*Instructions to follow:*
Range to reproduce from the entries below: the line with "tup 0 strictly", the line with "remaining statement is", and every line in between. Give them exactly and give nothing else.

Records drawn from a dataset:
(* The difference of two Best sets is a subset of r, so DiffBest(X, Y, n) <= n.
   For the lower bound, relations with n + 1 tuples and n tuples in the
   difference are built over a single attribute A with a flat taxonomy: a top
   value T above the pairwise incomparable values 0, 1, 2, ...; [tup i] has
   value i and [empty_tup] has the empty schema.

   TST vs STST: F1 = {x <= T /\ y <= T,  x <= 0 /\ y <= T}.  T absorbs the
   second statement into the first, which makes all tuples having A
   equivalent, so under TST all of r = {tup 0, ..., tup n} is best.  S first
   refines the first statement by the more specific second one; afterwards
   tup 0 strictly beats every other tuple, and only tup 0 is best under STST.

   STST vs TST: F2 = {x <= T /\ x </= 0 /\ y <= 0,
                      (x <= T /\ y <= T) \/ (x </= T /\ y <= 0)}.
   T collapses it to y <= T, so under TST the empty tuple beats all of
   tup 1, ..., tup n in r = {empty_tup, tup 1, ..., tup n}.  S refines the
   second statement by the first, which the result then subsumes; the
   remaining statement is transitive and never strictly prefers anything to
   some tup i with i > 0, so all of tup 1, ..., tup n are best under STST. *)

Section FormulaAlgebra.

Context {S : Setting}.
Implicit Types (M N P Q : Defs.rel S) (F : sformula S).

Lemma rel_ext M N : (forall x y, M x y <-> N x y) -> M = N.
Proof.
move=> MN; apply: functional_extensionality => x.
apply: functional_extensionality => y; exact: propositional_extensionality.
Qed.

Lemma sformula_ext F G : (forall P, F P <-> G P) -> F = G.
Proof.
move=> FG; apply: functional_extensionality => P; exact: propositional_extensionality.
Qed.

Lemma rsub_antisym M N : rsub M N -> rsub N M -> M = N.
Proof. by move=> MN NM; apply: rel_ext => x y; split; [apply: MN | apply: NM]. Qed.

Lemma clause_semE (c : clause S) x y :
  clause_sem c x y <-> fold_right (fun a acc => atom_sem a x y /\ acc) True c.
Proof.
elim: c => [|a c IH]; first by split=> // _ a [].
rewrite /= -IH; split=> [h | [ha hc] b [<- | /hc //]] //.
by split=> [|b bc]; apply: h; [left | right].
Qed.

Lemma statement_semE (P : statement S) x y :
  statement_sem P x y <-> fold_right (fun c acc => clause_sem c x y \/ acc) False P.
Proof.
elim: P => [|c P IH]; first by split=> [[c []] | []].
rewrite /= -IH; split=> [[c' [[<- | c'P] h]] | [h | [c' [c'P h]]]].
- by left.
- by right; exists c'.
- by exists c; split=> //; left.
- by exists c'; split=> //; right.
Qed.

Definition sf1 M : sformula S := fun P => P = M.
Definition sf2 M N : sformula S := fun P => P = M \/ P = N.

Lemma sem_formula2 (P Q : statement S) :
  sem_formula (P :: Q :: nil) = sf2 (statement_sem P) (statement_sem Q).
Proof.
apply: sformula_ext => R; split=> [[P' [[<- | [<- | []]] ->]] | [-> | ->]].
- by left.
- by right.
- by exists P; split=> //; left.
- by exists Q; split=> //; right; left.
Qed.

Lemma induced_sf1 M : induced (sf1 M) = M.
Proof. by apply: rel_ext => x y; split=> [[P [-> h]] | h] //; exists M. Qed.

*Task result:*
   tup 0 strictly beats every other tuple, and only tup 0 is best under STST.

   STST vs TST: F2 = {x <= T /\ x </= 0 /\ y <= 0,
                      (x <= T /\ y <= T) \/ (x </= T /\ y <= 0)}.
   T collapses it to y <= T, so under TST the empty tuple beats all of
   tup 1, ..., tup n in r = {empty_tup, tup 1, ..., tup n}.  S refines the
   second statement by the first, which the result then subsumes; the
   remaining statement is transitive and never strictly prefers anything to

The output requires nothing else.